Retired textile executive Tom Muscalino (pictured) leads a Bedminster-based team that has spent the past two years figuring out how to fully load a Web portal for job hunting by people with disabilities. The site, GettingHired.com, brings together employers, including Public Service Enterprise Group, of Newark, and Summit-based Celgene, with advocates for the disabled, including Easter Seals and Goodwill Industries.
Also signing on to the GettingHired.com community are service providers who provide training, technology and other services that bridge the gap between a disability and a job.
“We thought if we could provide a platform where all of these stakeholders come together and join forces, we could potentially make a huge difference in this unacceptably high rate of unemployment,” said Muscalino, chief operating officer of GettingHired.
The site offers a video interview coaching program “that is totally accessible, regardless of disability, type or severity,” Muscalino said. “If you are blind, it turns everything into spoken word; if you’re deaf, it turns everything into script.”
There’s also a 70-question career self-assessment to help applicants decide which jobs are right for them, plus job-matching technology, volunteer mentors and social networking. Everything at GettingHired.com is free to the job seeker.
Applicants are not asked to identify their disability on their GettingHired.com profile. “It is illegal for employers to inquire about an applicant’s disability,” Muscalino said. “Our portal is not about somebody’s disabilities, it’s about their talents and backgrounds and interests.”
GettingHired.com was funded by private investors “who all have a personal reason for wanting to help people with disabilities,” he said.

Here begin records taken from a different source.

Definition binom_deg (n i : nat) : nat :=
  if i <= 1 then 1 else if i <= 4 * n then (if i %% 2 == 0 then 2 else 0)
  else if i <= 4 * n + 2 then 1 else 0.

(* binom_exp n 0 and binom_exp n 1 are the exponents of
     u_n = x_{0,2} x_{1,2} (x_{4,6} x_{8,10} ... x_{4n-4,4n-2})^2 x_{4n,4n+1} x_{4n,4n+2},
     v_n = x_{0,1} (x_{2,4} x_{6,8} ... x_{4n-2,4n})^2 x_{4n+1,4n+2}. *)
Definition binom_exp (n c : nat) (v : RVar) : nat :=
  let: (j, b) := v in
  if b then
    if (j == 0) || (j == 4 * n) then 1 - c
    else if (j %% 2 == 0) && (j < 4 * n) then
      (if j %% 4 == 2 then 2 * c else 2 - 2 * c)
    else 0
  else if (j == 0) || (j == 4 * n + 1) then c
  else if (j == 1) || (j == 4 * n) then 1 - c
  else 0.

Lemma phideg_binom_exp n c i :
  0 < n -> c <= 1 -> phideg (binom_exp n c) i = binom_deg n i.
Proof.
move=> n_gt0 c_le1.
by case: i => [|[|i]]; rewrite /phideg /binom_exp /binom_deg /=; split_ifs; lia.
Qed.

Lemma binom_exp_disjoint n v : binom_exp n 0 v = 0 \/ binom_exp n 1 v = 0.
Proof. by case: v => j []; rewrite /binom_exp; split_ifs; lia. Qed.

Lemma binom_exp_eq0 n c j b : 4 * n + 2 <= j -> binom_exp n c (j, b) = 0.
Proof. by move=> j_ge; case: b; rewrite /binom_exp; split_ifs. Qed.

Section Fiber.
Variables (n : nat) (w : RVar -> nat).
Hypotheses (n_gt0 : 0 < n) (w_deg : forall i, phideg w i = binom_deg n i).

Lemma fiber_vanish j b :
  binom_deg n j = 0 \/ binom_deg n (j + (if b then 2 else 1)) = 0 ->
  w (j, b) = 0.
Proof.
rewrite -!w_deg => -[] deg0.
  by have := phideg_ge_src w j b; rewrite deg0; lia.
by have := phideg_ge_tgt w j b; rewrite deg0; lia.
Qed.

Lemma fiber_start :
  [/\ w (0, false) <= 1, w (0, true) = 1 - w (0, false)
    & w (1, false) = 1 - w (0, false)].
Proof.
have w1t : w (1, true) = 0.
  by apply: fiber_vanish; right; rewrite /binom_deg; split_ifs.
by have := w_deg 0; have := w_deg 1; rewrite /phideg /binom_deg /=; split; lia.
Qed.

Lemma fiber_even j : 2 <= j < 4 * n -> j %% 2 = 0 ->
  w (j, true) = if j %% 4 == 2 then 2 * w (0, false) else 2 - 2 * w (0, false).
Proof.
have [c_le1 w0t w1f] := fiber_start.
suff ind t : (2 * t).+2 < 4 * n ->
    w ((2 * t).+2, true) = if t %% 2 == 0 then 2 * w (0, false) else 2 - 2 * w (0, false).
  move=> j_range j_even; have := ind (j %/ 2 - 1).
  have -> : (2 * (j %/ 2 - 1)).+2 = j by lia.
  by split_ifs; lia.
elim: t => [|t IH] t_range.
  have w2f : w (2, false) = 0.
    by apply: fiber_vanish; right; rewrite /binom_deg; split_ifs.
  by have := w_deg 2; rewrite muln0 /phideg /binom_deg /=; split_ifs; lia.
have -> : (2 * t.+1).+2 = (2 * t).+4 by lia.
have wf4 : w ((2 * t).+4, false) = 0.
  by apply: fiber_vanish; right; rewrite /binom_deg; split_ifs.
have wf3 : w ((2 * t).+3, false) = 0.
  by apply: fiber_vanish; left; rewrite /binom_deg; split_ifs.
have := IH (ltac:(lia)); have := w_deg (2 * t).+4.
by rewrite /phideg /binom_deg /=; split_ifs; lia.
Qed.

Lemma fiber_end :
  [/\ w (4 * n, false) = 1 - w (0, false), w (4 * n, true) = 1 - w (0, false)
    & w (4 * n + 1, false) = w (0, false)].
Proof.
have [c_le1 _ _] := fiber_start.
(* Writing 4n as N.+2 keeps the variables of the last three vertices syntactically
   identical in all equations, so that lia sees them as the same atoms. *)
have [N eN] : exists N, 4 * n = N.+2 by exists (4 * n - 2); lia.
have wN := @fiber_even N (ltac:(lia)) (ltac:(lia)).
have [] : [/\ w (N.+1, false) = 0, w (N.+1, true) = 0, w (N.+3, true) = 0,
    w (N.+4, false) = 0 & w (N.+4, true) = 0].
  by split; apply: fiber_vanish; rewrite /binom_deg /=; split_ifs; lia.
move: wN; have := w_deg N.+2; have := w_deg N.+3; have := w_deg N.+4.
by rewrite addn1 eN /phideg /binom_deg /=; split_ifs; move=> *; split; lia.
Qed.

Lemma fiber_binom_exp v : w v = binom_exp n (w (0, false)) v.
Proof.
have [c_le1 w0t w1f] := fiber_start; have [w4f w4t w5f] := fiber_end.
case: v => j []; rewrite /binom_exp.
  have [->|j0] := eqVneq j 0; first by rewrite w0t; split_ifs.
  have [->|j4] := eqVneq j (4 * n); first by rewrite w4t; split_ifs; lia.
  move: (@fiber_vanish j true) (@fiber_even j).
  by rewrite /binom_deg /=; split_ifs; lia.
have [->|j0] := eqVneq j 0; first by split_ifs.
have [->|j1] := eqVneq j 1; first by rewrite w1f; split_ifs; lia.
have [->|j4] := eqVneq j (4 * n); first by rewrite w4f; split_ifs; lia.
have [->|j5] := eqVneq j (4 * n + 1); first by rewrite w5f; split_ifs; lia.
by move: (@fiber_vanish j false); rewrite /binom_deg /=; split_ifs; lia.
Qed.

End Fiber.

Lemma binom_divisor_shift_rigid n k (a m m' : cmonom RVar) :
  0 < n -> (forall v, m' v != 0 -> v.1 < n) ->
  (forall i, phideg m' i = phideg m i) ->
  (forall v, a v + cmshift k m v = binom_exp n 0 v) ->
  forall v, m' v = m v.
Proof.
move=> n_gt0 m'_small m'm am.
pose w v := a v + cmshift k m' v.
have w_deg i : phideg w i = binom_deg n i.
  rewrite -(phideg_binom_exp i n_gt0 (leq0n 1)) -(eq_phideg am) !phidegD.
  by rewrite !phideg_cmshift m'm.
have wE := fiber_binom_exp n_gt0 w_deg.
have [c_le1 _ _] := fiber_start n_gt0 w_deg.
have [c0|c1] : w (0, false) = 0 \/ w (0, false) = 1 by lia.
  case=> j b; have := am (j + k, b); have := wE (j + k, b).
  by rewrite c0 /w !cmshiftE /= leq_addl addnK; lia.
have a0 v : a v = 0.
  have := am v; have := wE v; rewrite c1 /w.
  by case: (binom_exp_disjoint n v) => ->; lia.
have := wE (4 * n + 1, false); move: c1.
rewrite /w !a0 !cmshiftE /binom_exp /= eqxx orbT => w0 w_end.
have k0 : k = 0 by move: w0; case: ifP => //; lia.
subst k; rewrite !subn0 /= in w0 w_end.
by move: (m'_small (4 * n + 1, false)) => /=; lia.
Qed.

The company’s revenue will come from the employers, charged on a sliding scale based on company size. Annual subscriptions range from $250 for firms with 10 or fewer employees, to $65,000 for firms with 75,000 or more workers.
Muscalino is the former president of the textile firm West Point Pepperell, where he worked from 1973 to 1993; he then joined Dan River and retired as president of the towel and linens maker in 2005. Muscalino said when he was in the corporate world, his companies had diversity programs for women and minorities, “but it just never occurred to any of us that we should be also tapping into this labor force.”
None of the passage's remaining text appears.